- ABOUT THIS TASK:
Given the records below, would you repeat exactly the lines that begin at the one containing "(forall x y, F x -> F" and end at the one containing "Definition setminus (S", inclusive?

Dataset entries
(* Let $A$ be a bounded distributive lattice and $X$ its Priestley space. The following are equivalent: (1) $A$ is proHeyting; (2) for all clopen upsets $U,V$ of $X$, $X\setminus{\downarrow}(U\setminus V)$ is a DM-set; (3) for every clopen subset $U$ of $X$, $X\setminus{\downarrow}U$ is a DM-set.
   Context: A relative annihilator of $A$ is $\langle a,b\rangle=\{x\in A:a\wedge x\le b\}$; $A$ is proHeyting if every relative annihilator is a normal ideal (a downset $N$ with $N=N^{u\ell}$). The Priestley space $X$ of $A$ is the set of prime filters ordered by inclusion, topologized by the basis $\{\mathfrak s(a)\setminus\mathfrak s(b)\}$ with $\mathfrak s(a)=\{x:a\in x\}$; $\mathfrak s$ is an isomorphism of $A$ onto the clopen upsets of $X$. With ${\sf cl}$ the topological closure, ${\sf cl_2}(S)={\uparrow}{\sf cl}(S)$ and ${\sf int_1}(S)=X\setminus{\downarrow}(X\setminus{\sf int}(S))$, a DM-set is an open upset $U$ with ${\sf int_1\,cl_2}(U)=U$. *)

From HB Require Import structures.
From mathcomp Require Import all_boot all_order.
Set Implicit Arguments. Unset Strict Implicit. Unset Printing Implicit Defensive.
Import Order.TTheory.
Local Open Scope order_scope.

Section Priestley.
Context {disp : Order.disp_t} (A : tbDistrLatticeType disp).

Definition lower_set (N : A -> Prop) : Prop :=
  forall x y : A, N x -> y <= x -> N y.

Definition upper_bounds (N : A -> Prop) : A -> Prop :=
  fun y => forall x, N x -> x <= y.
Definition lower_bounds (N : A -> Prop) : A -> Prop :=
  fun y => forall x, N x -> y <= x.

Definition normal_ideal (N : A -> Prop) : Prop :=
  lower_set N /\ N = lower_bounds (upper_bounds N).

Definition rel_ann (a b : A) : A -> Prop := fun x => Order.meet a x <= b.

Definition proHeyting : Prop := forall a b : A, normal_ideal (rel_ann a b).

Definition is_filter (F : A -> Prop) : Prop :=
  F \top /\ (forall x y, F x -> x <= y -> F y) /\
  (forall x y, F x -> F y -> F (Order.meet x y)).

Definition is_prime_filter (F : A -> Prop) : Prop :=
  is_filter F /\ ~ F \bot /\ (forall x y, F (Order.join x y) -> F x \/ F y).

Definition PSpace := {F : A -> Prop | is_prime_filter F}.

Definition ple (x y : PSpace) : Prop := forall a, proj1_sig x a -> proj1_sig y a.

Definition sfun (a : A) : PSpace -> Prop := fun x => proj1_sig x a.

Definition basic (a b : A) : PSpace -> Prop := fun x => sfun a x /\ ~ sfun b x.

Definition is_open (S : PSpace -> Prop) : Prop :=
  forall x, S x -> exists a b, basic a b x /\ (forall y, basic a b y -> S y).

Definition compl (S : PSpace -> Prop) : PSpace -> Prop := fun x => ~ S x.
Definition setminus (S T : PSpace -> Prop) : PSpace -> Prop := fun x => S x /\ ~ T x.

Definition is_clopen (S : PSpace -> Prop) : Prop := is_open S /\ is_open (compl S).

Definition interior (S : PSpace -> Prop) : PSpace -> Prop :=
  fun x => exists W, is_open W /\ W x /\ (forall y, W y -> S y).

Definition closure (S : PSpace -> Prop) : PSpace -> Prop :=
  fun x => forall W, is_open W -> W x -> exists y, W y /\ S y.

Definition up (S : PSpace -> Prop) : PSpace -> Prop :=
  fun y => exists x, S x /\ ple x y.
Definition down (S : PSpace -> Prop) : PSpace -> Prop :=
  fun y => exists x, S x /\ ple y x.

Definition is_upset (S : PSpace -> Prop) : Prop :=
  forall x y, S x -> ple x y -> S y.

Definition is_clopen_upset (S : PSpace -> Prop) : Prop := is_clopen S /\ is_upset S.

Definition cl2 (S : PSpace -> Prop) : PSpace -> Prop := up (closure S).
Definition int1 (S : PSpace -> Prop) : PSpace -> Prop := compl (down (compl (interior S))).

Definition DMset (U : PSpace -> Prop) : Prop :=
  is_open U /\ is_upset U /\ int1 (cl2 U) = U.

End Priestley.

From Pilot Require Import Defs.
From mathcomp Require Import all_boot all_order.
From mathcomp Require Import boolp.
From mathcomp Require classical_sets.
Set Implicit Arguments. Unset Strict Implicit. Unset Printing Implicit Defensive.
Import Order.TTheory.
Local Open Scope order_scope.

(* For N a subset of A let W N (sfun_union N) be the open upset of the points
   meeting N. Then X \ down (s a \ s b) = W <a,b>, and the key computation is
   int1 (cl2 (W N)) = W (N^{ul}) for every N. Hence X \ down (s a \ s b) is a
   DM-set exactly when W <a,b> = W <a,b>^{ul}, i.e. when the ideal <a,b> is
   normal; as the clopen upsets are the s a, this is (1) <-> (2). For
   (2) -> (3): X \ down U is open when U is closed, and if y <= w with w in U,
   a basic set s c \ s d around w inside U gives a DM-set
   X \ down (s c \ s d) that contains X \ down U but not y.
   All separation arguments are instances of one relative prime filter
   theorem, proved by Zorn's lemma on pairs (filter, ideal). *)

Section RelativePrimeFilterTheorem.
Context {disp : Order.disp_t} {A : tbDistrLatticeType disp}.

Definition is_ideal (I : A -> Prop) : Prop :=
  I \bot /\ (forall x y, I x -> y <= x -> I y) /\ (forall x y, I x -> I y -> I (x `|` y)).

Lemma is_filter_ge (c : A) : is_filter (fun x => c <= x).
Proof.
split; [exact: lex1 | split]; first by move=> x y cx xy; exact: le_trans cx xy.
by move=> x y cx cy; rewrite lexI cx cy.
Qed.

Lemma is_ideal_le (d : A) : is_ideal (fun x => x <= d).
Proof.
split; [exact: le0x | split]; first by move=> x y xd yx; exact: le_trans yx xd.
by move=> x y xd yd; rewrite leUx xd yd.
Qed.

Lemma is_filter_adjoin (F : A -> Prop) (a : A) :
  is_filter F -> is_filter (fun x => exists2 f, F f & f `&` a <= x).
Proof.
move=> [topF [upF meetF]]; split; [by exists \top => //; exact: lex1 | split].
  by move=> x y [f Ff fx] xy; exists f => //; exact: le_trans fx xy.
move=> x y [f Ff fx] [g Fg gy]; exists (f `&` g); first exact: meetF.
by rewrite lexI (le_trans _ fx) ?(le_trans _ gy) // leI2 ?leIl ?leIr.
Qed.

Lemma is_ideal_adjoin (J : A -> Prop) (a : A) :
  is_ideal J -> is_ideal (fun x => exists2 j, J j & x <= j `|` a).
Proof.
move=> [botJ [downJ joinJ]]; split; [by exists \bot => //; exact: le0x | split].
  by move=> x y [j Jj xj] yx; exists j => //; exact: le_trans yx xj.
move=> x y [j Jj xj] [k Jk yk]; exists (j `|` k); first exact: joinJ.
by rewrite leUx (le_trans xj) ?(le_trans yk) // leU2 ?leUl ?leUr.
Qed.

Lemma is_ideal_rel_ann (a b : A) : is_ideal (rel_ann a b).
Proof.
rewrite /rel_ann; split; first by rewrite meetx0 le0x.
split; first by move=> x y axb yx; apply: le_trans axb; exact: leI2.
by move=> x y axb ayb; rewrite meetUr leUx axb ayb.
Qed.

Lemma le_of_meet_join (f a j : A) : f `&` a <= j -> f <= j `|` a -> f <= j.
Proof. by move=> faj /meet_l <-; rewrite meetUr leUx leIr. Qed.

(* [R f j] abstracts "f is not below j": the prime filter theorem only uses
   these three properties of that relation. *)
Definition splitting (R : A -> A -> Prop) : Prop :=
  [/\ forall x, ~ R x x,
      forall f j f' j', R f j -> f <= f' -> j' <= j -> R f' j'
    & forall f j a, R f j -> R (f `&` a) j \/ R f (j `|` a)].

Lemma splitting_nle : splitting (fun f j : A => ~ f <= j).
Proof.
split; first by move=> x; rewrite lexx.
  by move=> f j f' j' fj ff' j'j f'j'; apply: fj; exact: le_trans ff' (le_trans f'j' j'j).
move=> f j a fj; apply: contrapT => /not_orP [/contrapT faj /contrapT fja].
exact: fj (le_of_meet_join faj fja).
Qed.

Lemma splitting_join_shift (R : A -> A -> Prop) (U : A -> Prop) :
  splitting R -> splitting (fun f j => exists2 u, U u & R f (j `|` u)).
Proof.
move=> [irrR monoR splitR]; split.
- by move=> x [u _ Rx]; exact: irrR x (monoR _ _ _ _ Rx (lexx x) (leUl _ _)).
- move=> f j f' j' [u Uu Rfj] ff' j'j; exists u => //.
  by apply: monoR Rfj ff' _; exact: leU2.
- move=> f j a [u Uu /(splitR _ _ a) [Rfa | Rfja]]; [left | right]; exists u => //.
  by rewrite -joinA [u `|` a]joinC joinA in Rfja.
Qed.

- REPLY TO THE EXERCISE:
  (forall x y, F x -> F y -> F (Order.meet x y)).

Definition is_prime_filter (F : A -> Prop) : Prop :=
  is_filter F /\ ~ F \bot /\ (forall x y, F (Order.join x y) -> F x \/ F y).

Definition PSpace := {F : A -> Prop | is_prime_filter F}.

Definition ple (x y : PSpace) : Prop := forall a, proj1_sig x a -> proj1_sig y a.

Definition sfun (a : A) : PSpace -> Prop := fun x => proj1_sig x a.

Definition basic (a b : A) : PSpace -> Prop := fun x => sfun a x /\ ~ sfun b x.

Definition is_open (S : PSpace -> Prop) : Prop :=
  forall x, S x -> exists a b, basic a b x /\ (forall y, basic a b y -> S y).

Definition compl (S : PSpace -> Prop) : PSpace -> Prop := fun x => ~ S x.
Definition setminus (S T : PSpace -> Prop) : PSpace -> Prop := fun x => S x /\ ~ T x.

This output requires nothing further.